Went to WV on an ATV and fishing trip last week. Caught some nice rainbow trout and put 460 miles on my Rincon. Had a good time. Here are some of the fish I brought back from the last of the trip. Smallest is 2lbs 4oz and the biggest two are 6lbs 8oz and 7lbs 1oz. View attachment 304205
View attachment 304207
View attachment 304208


----------



## moody (Jul 12, 2013)

:msp_thumbsup: looks like you had some fun. Some day you'll need to come out and go snagging or fishing in general


----------



## Redbird (Jul 12, 2013)

Whereabouts in WV you go:msp_smile: I know they do a good job of stoking their streams with some nice trout. Va could take a lesson from them.


----------



## griffonks (Jul 12, 2013)

They don't stock trout that large in Colorado. Fish like that are always old growth. Nice catch.


----------



## greendohn (Jul 13, 2013)

Good for you, Livin' the good life!


----------



## morewood (Jul 13, 2013)

My favorite pasttime, trout fishing. Too much rain this year here in WNC. Well, too much to take my 7 yr old into most of the creeks/rivers. Those are some beautifully large trout. Hope you had a great time with that.

Shea


----------



## ramzilla (Jul 13, 2013)

Redbird said:


> Whereabouts in WV you go:msp_smile: I know they do a good job of stoking their streams with some nice trout. Va could take a lesson from them.

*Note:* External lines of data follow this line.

Lemma clique_trace_mem A v a b : a \in N v :&: A -> b \in N v :&: A -> a != b ->
  {in N v :&: A &, forall c d, c != d -> jedge c d} -> N v :&: A \in trace_family A.
Proof.
move=> aT bT ab cliq; have [s vs ->] := clique_trace aT bT ab cliq.
have /setIP[va aA] := aT; have /setIP[_ bA] := bT; rewrite inE in va.
(* If [v \in A], the pair (a, v) determines the same clique as (a, b). *)
have [vA|vA] := boolP (v \in A).
  have av : jadj k (val a) (val v) by rewrite jadjC.
  have ab' := cliq a b aT bT ab; have ck := card_jvert.
  apply: (mem_trace_family aA vA); apply/setUP; right; apply/imsetP; exists s => //.
  congr (_ :\ _); apply/setP=> c.
  by rewrite !inE (side_jadj_eq (ck a) (ck b) (ck v) ab' av vs).
apply: (mem_trace_family aA bA); apply/setUP; left; apply/setUP; right.
apply/imsetP; exists s => //; apply/setP=> c; rewrite !inE.
by case: eqP => // ->; rewrite (negbTE vA).
Qed.

Lemma trace_mem_family A v : N v :&: A \in trace_family A.
Proof.
set T := N v :&: A.
have [|/card_gt1P[a [b [aT bT ab]]]] := leqP #|T| 1.
  rewrite leq_eqVlt ltnS leqn0 => /orP[/cards1P[a eT]|/eqP/cards0_eq ->].
    have aA : a \in A by rewrite (subsetP (subsetIr (N v) A)) // -/T eT set11.
    by apply/setUP; left; apply/setU1P; right; rewrite eT imset_f.
  by apply/setUP; left; exact: setU11.
have [/existsP[c /existsP[d /and4P[cT dT cd ncd]]] | /existsPn cliq] :=
  boolP [exists c, exists d, [&& c \in T, d \in T, c != d & ~~ jedge c d]].
  exact: nonclique_trace_mem cT dT cd ncd.
apply: clique_trace_mem aT bT ab _ => c d cT dT cd.
by have /existsPn/(_ d) := cliq c; rewrite cT dT cd /= negbK.
Qed.
(* Let $Q=\Diamond abcd$ be a convex quadrilateral with vertices $a,b,c,d$ in clockwise order, such that the diagonal $\overline{ac}$ is horizontal, $|ac|=1$, and $1$ is the diameter of $Q$. Let the smallest axis-parallel rectangle containing $Q$ have horizontal side length $1$ and vertical side length $W$ with $\frac{2}{\sqrt5}<W\le 1$, with $a$ on its left side, $b$ on its top side, $c$ on its right side and $d$ on its bottom side. Then there exists a triangle contained in $Q$ whose smallest side has length at least $\frac{\sqrt{1+5W^2}}{4}$. *)

From Stdlib Require Import Reals.
Open Scope R_scope.

Definition point := (R * R)%type.

Definition px (p : point) : R := fst p.
Definition py (p : point) : R := snd p.

Definition edist (p q : point) : R :=
  sqrt ((px p - px q) ^ 2 + (py p - py q) ^ 2).

(* Signed area (cross product) of (q - p) x (r - p); negative = clockwise turn *)
Definition orient (p q r : point) : R :=
  (px q - px p) * (py r - py p) - (py q - py p) * (px r - px p).

Definition convex_quad_cw (a b c d : point) : Prop :=
  orient a b c < 0 /\ orient b c d < 0 /\ orient c d a < 0 /\ orient d a b < 0.

Definition quad_region (a b c d : point) (p : point) : Prop :=
  exists la lb lc ld : R,
    0 <= la /\ 0 <= lb /\ 0 <= lc /\ 0 <= ld /\ la + lb + lc + ld = 1 /\
    px p = la * px a + lb * px b + lc * px c + ld * px d /\
    py p = la * py a + lb * py b + lc * py c + ld * py d.

Definition tri_region (p q r : point) (z : point) : Prop :=
  exists l1 l2 l3 : R,
    0 <= l1 /\ 0 <= l2 /\ 0 <= l3 /\ l1 + l2 + l3 = 1 /\
    px z = l1 * px p + l2 * px q + l3 * px r /\
    py z = l1 * py p + l2 * py q + l3 * py r.

Definition is_triangle (p q r : point) : Prop := orient p q r <> 0.

Definition has_diameter (S : point -> Prop) (D : R) : Prop :=
  (forall p q, S p -> S q -> edist p q <= D) /\
  (exists p q, S p /\ S q /\ edist p q = D).

Definition min3 (x y z : R) : R := Rmin x (Rmin y z).

(* Reflecting in the two axes, we may place a = (0,0), c = (1,0), b = (x,h1),
   d = (y,-h2) with h2 <= h1 and x >= 1/2, so that W = h1 + h2.  Take the
   triangle with vertices a, b and e = (3c + 2d)/5 on the side cd.  Then
   |ab|^2 >= (1 + W^2)/4 and the height of b above e is at least 7W/10, while
   |bd| <= 1 keeps d from lying far left of b, which bounds |ae| from below;
   each of these beats (1 + 5W^2)/16 once W^2 > 4/5. *)
From Stdlib Require Import Reals Lra Psatz.
Open Scope R_scope.

Definition sqdist (p q : point) : R := (px p - px q) ^ 2 + (py p - py q) ^ 2.

Lemma sqdist_le_1 (p q : point) : edist p q <= 1 -> sqdist p q <= 1.
Proof.
  unfold edist; fold (sqdist p q); intros H.
  assert (Hpos : 0 <= sqdist p q).
  { unfold sqdist; apply Rplus_le_le_0_compat; apply pow2_ge_0. }
  rewrite <- (sqrt_sqrt (sqdist p q)) by exact Hpos.
  rewrite <- (Rmult_1_l 1).
  apply Rmult_le_compat; auto using sqrt_pos.
Qed.

Lemma sqrt_div4_le_edist (m : R) (p q : point) :
  m / 16 <= sqdist p q -> sqrt m / 4 <= edist p q.
Proof.
  intros H; unfold edist; fold (sqdist p q).
  destruct (Rle_lt_dec 0 m) as [Hm | Hm].
  - assert (H16 : sqrt 16 = 4).
    { replace 16 with (4 * 4) by ring; apply sqrt_square; lra. }
    replace (sqrt m / 4) with (sqrt (m / 16))
      by (rewrite sqrt_div_alt, H16 by lra; reflexivity).
    now apply sqrt_le_1_alt.
  - rewrite (sqrt_neg_0 m) by lra.
    unfold Rdiv; rewrite Rmult_0_l; apply sqrt_pos.
Qed.

Lemma min3_ge (t x y z : R) : t <= x -> t <= y -> t <= z -> min3 x y z >= t.
Proof.
  intros; unfold min3; apply Rle_ge.
  repeat apply Rmin_glb; assumption.
Qed.

Lemma sqr_lt_of_div_sqrt_lt (c k W : R) :
  0 <= c -> 0 < k -> c / sqrt k < W -> c ^ 2 < k * W ^ 2.
Proof.
  intros Hc Hk HW.
  assert (Hs : 0 < sqrt k) by now apply sqrt_lt_R0.
  assert (Hlt : c < W * sqrt k).
  { apply (Rmult_lt_compat_r (sqrt k)) in HW; [|exact Hs].
    unfold Rdiv in HW; rewrite Rmult_assoc, Rinv_l in HW; lra. }
  rewrite <- (sqrt_sqrt k) by lra.
  nra.
Qed.

Definition convex (Q : point -> Prop) : Prop :=
  forall p q r, Q p -> Q q -> Q r -> forall z, tri_region p q r z -> Q z.

Definition mix (p q : point) (s : R) : point :=
  (s * px p + (1 - s) * px q, s * py p + (1 - s) * py q).

Lemma convex_mix (Q : point -> Prop) (p q : point) (s : R) :
  convex Q -> Q p -> Q q -> 0 <= s <= 1 -> Q (mix p q s).
Proof.
  intros HQ Hp Hq Hs; apply (HQ p q q Hp Hq Hq).
  exists s, (1 - s), 0; unfold mix, px, py; simpl.
  repeat split; lra.
Qed.

Lemma quad_region_convex (a b c d : point) : convex (quad_region a b c d).
Proof.
  intros p q r [pa [pb [pc [pd [? [? [? [? [? [Hpx Hpy]]]]]]]]]]
               [qa [qb [qc [qd [? [? [? [? [? [Hqx Hqy]]]]]]]]]]
               [ra [rb [rc [rd [? [? [? [? [? [Hrx Hry]]]]]]]]]]
               z [l1 [l2 [l3 [? [? [? [? [Hzx Hzy]]]]]]]].
  exists (l1 * pa + l2 * qa + l3 * ra), (l1 * pb + l2 * qb + l3 * rb),
         (l1 * pc + l2 * qc + l3 * rc), (l1 * pd + l2 * qd + l3 * rd).
  repeat split; nra.
Qed.

Lemma quad_region_a (a b c d : point) : quad_region a b c d a.
Proof. exists 1, 0, 0, 0; repeat split; lra. Qed.

Lemma quad_region_b (a b c d : point) : quad_region a b c d b.
Proof. exists 0, 1, 0, 0; repeat split; lra. Qed.

Lemma quad_region_c (a b c d : point) : quad_region a b c d c.
Proof. exists 0, 0, 1, 0; repeat split; lra. Qed.

Lemma quad_region_d (a b c d : point) : quad_region a b c d d.
Proof. exists 0, 0, 0, 1; repeat split; lra. Qed.

(* With [s] and [t] equal to [1] or [-1], [frame o s t] is an isometry
   sending the origin to [o]; [coords o s t] is its inverse. *)
Definition frame (o : point) (s t : R) (p : point) : point :=
  (px o + s * px p, py o + t * py p).

Definition coords (o : point) (s t : R) (p : point) : point :=
  frame (- s * px o, - t * py o) s t p.

Lemma sqr_sign_mul (u x : R) : u ^ 2 = 1 -> (u * x) ^ 2 = x ^ 2.
Proof. intros Hu; rewrite Rpow_mult_distr, Hu; ring. Qed.

Section Frame.

Variables (o : point) (s t : R).
Hypotheses (Hs : s ^ 2 = 1) (Ht : t ^ 2 = 1).

Lemma sqdist_frame (p q : point) :
  sqdist (frame o s t p) (frame o s t q) = sqdist p q.
Proof.
  unfold sqdist, frame, px, py; cbn [fst snd].
  replace (fst o + s * fst p - (fst o + s * fst q)) with (s * (fst p - fst q)) by ring.
  replace (snd o + t * snd p - (snd o + t * snd q)) with (t * (snd p - snd q)) by ring.
  now rewrite !sqr_sign_mul.
Qed.

Lemma orient_frame (p q r : point) :
  orient (frame o s t p) (frame o s t q) (frame o s t r) = s * t * orient p q r.
Proof. unfold orient, frame, px, py; cbn [fst snd]; ring. Qed.

Lemma frame_mix (p q : point) (r : R) :
  frame o s t (mix p q r) = mix (frame o s t p) (frame o s t q) r.
Proof. unfold frame, mix, px, py; cbn [fst snd]; f_equal; ring. Qed.

Lemma frame_origin : frame o s t (0, 0) = o.
Proof.
  unfold frame, px, py; cbn [fst snd]; rewrite !Rmult_0_r, !Rplus_0_r.
  symmetry; apply surjective_pairing.
Qed.

Lemma frame_coords (p : point) : frame o s t (coords o s t p) = p.
Proof.
  destruct p as [x y]; unfold coords, frame, px, py; cbn [fst snd].
  replace (fst o + s * (- s * fst o + s * x)) with (x + (1 - s ^ 2) * (fst o - x)) by ring.
  replace (snd o + t * (- t * snd o + t * y)) with (y + (1 - t ^ 2) * (snd o - y)) by ring.
  rewrite Hs, Ht; f_equal; ring.
Qed.

End Frame.

Lemma normalized_large_triangle (B D : point) :
  1/2 <= px B -> 0 <= px D -> 0 <= - py D <= py B -> sqdist B D <= 1 ->
  4 < 5 * (py B - py D) ^ 2 ->
  is_triangle (0, 0) B (mix (1, 0) D (3/5)) /\
  (1 + 5 * (py B - py D) ^ 2) / 16 <= sqdist (0, 0) B /\
  (1 + 5 * (py B - py D) ^ 2) / 16 <= sqdist B (mix (1, 0) D (3/5)) /\
  (1 + 5 * (py B - py D) ^ 2) / 16 <= sqdist (mix (1, 0) D (3/5)) (0, 0).
Proof.
  destruct B as [x h1], D as [y h2']; unfold is_triangle, orient, sqdist, mix, px, py.
  cbn [fst snd]; intros Hx Hy [Hh2 Hh12] Hbd HW.
  remember (h1 - h2') as W eqn:HWdef.
  replace h2' with (h1 - W) in * by lra; clear HWdef.
  assert (HW0 : 0 < W) by nra.
  repeat split.
  - apply Rlt_not_eq; nra.
  - assert (Hx2 : 1/4 <= (0 - x) ^ 2) by nra.
    assert (Hh1 : W ^ 2 / 4 <= (0 - h1) ^ 2) by nra.
    assert (W ^ 2 <= 1) by (assert (0 <= (x - y) ^ 2) by apply pow2_ge_0; lra).
    lra.
  - assert (Hheight : 7/10 * W <= h1 - 2/5 * (h1 - W)) by lra.
    assert (0 <= (x - (3/5 * 1 + (1 - 3/5) * y)) ^ 2) by apply pow2_ge_0.
    nra.
  - assert (0 <= ((1 - 3/5) * (h1 - W)) ^ 2) by apply pow2_ge_0.
    destruct (Rle_lt_dec (1/2) y) as [Hy2 | Hy2].
    + assert (W ^ 2 <= 1) by (assert (0 <= (x - y) ^ 2) by apply pow2_ge_0; lra).
      assert (16/25 <= (3/5 * 1 + (1 - 3/5) * y - 0) ^ 2) by nra.
      nra.
    + assert (Hbd' : (1/2 - y) ^ 2 + W ^ 2 <= 1) by nra.
      (* with u = 1/2 - y this reduces to 189 u^2 - 256 u + 106 >= 0,
         whose discriminant is negative *)
      assert (0 <= (1/2 - y - 128/189) ^ 2) by apply pow2_ge_0.
      nra.
Qed.

Definition has_large_triangle (Q : point -> Prop) (m : R) : Prop :=
  exists p q r : point,
    is_triangle p q r /\
    (forall z, tri_region p q r z -> Q z) /\
    min3 (edist p q) (edist q r) (edist r p) >= m.

Lemma large_triangle_in_frame (Q : point -> Prop) (o B D : point) (s t W : R) :
  s ^ 2 = 1 -> t ^ 2 = 1 -> convex Q ->
  Q (frame o s t (0, 0)) -> Q (frame o s t (1, 0)) ->
  Q (frame o s t B) -> Q (frame o s t D) ->
  1/2 <= px B -> 0 <= px D -> 0 <= - py D <= py B -> sqdist B D <= 1 ->
  py B - py D = W -> 4 < 5 * W ^ 2 ->
  has_large_triangle Q (sqrt (1 + 5 * W ^ 2) / 4).
Proof.
  intros Hs Ht HQ HA HC HB HD HBx HDx HBDy HBD <- HW.
  destruct (normalized_large_triangle B D) as [Htri [Hab [Hbe Hea]]]; auto.
  exists (frame o s t (0, 0)), (frame o s t B), (frame o s t (mix (1, 0) D (3/5))).
  split; [|split].
  - unfold is_triangle; rewrite orient_frame.
    assert (s <> 0) by (intros ->; simpl in Hs; lra).
    assert (t <> 0) by (intros ->; simpl in Ht; lra).
    repeat apply Rmult_integral_contrapositive_currified; assumption.
  - apply HQ; try assumption.
    rewrite frame_mix; apply convex_mix; auto; lra.
  - apply min3_ge; apply sqrt_div4_le_edist; rewrite sqdist_frame; lra.
Qed.

Lemma large_triangle (Q : point -> Prop) (o q u v : point) (s t W : R) :
  s ^ 2 = 1 -> t ^ 2 = 1 -> convex Q -> Q o -> Q q -> Q u -> Q v ->
  px q = px o + s -> py q = py o ->
  1/2 <= s * (px u - px o) -> 0 <= s * (px v - px o) ->
  0 <= t * (py o - py v) <= t * (py u - py o) ->
  sqdist u v <= 1 -> t * (py u - py v) = W -> 4 < 5 * W ^ 2 ->
  has_large_triangle Q (sqrt (1 + 5 * W ^ 2) / 4).
Proof.
  intros Hs Ht HQ Ho Hq Hu Hv Hqx Hqy Hux Hvx Hy Huv HWdef HW.
  assert (Hc : frame o s t (1, 0) = q).
  { destruct q as [qx qy]; unfold frame, px, py in *; cbn [fst snd] in *.
    f_equal; lra. }
  assert (Huv' : sqdist (coords o s t u) (coords o s t v) <= 1)
    by (unfold coords; rewrite sqdist_frame; assumption).
  apply (large_triangle_in_frame Q o (coords o s t u) (coords o s t v) s t W);
    rewrite ?frame_origin, ?Hc, ?frame_coords; auto.
  all: unfold coords, frame, px, py in *; cbn [fst snd] in *; lra.
Qed.

Theorem theorem2 (a b c d : point) (W : R) :
  convex_quad_cw a b c d ->
  (* diagonal ac horizontal, of length 1 *)
  py a = py c ->
  edist a c = 1 ->
  (* diameter of Q is 1 *)
  has_diameter (quad_region a b c d) 1 ->
  (* smallest axis-parallel bounding rectangle: [px a, px c] x [py d, py b],
     so a on the left side, c on the right, b on top, d on the bottom *)
  (forall p, quad_region a b c d p ->
     px a <= px p <= px c /\ py d <= py p <= py b) ->
  px c - px a = 1 ->
  py b - py d = W ->
  2 / sqrt 5 < W <= 1 ->
  exists p q r : point,
    is_triangle p q r /\
    (forall z, tri_region p q r z -> quad_region a b c d z) /\
    min3 (edist p q) (edist q r) (edist r p) >= sqrt (1 + 5 * W ^ 2) / 4.
Proof.
  intros _ Hac _ [Hdiam _] Hbox Hwidth Hheight [HWlow _].
  pose proof (quad_region_convex a b c d) as HQ.
  pose proof (quad_region_a a b c d) as Ha; pose proof (quad_region_b a b c d) as Hb.
  pose proof (quad_region_c a b c d) as Hc; pose proof (quad_region_d a b c d) as Hd.
  assert (Hbd : sqdist b d <= 1) by now apply sqdist_le_1, Hdiam.
  assert (Hdb : sqdist d b <= 1) by now apply sqdist_le_1, Hdiam.
  assert (HW5 : 4 < 5 * W ^ 2).
  { replace 4 with (2 ^ 2) by ring; apply sqr_lt_of_div_sqrt_lt; lra. }
  destruct (Hbox a Ha) as [_ [Hda Hab]].
  destruct (Hbox b Hb) as [[Hlb Hrb] _].
  destruct (Hbox d Hd) as [[Hld Hrd] _].
  destruct (Rle_lt_dec (py a - py d) (py b - py a)) as [Hb_far | Hd_far].
  - destruct (Rle_lt_dec (1/2) (px b - px a)) as [Hb_right | Hb_left].
    + apply (large_triangle _ a c b d 1 1 W); auto; repeat split; first [ring | lra].
    + apply (large_triangle _ c a b d (-1) 1 W); auto; repeat split; first [ring | lra].
  - destruct (Rle_lt_dec (1/2) (px d - px a)) as [Hd_right | Hd_left].
    + apply (large_triangle _ a c d b 1 (-1) W); auto; repeat split; first [ring | lra].
    + apply (large_triangle _ c a d b (-1) (-1) W); auto; repeat split; first [ring | lra].
Qed.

Yeah VA needs some work. It sure isn't what it used to be around here the only time they really throw in some decent fish is on that Heritage day crap. We actually stayed in Bud and rode the ATVs to the trout streams and I'm not really sure what the name of the area is everyone just calls it the haul road waters.


----------



## ft. churchill (Jul 13, 2013)

Those are some fine trout. Ya hav'to work mighty hard to get trout like that here in Nevada or next door in California.


----------



## SmartYard (Jul 14, 2013)

*Lunkers*

Those are some hogs. My son and I fly fish in WNC and would also be delighted to land lunkers like those in your pics. Awesome. Looks like a great vacation.


----------



## ramzilla (Jul 15, 2013)

SmartYard said:


> Those are some hogs. My son and I fly fish in WNC and would also be delighted to land lunkers like those in your pics. Awesome. Looks like a great vacation.



Thank you and WELCOME to AS!


----------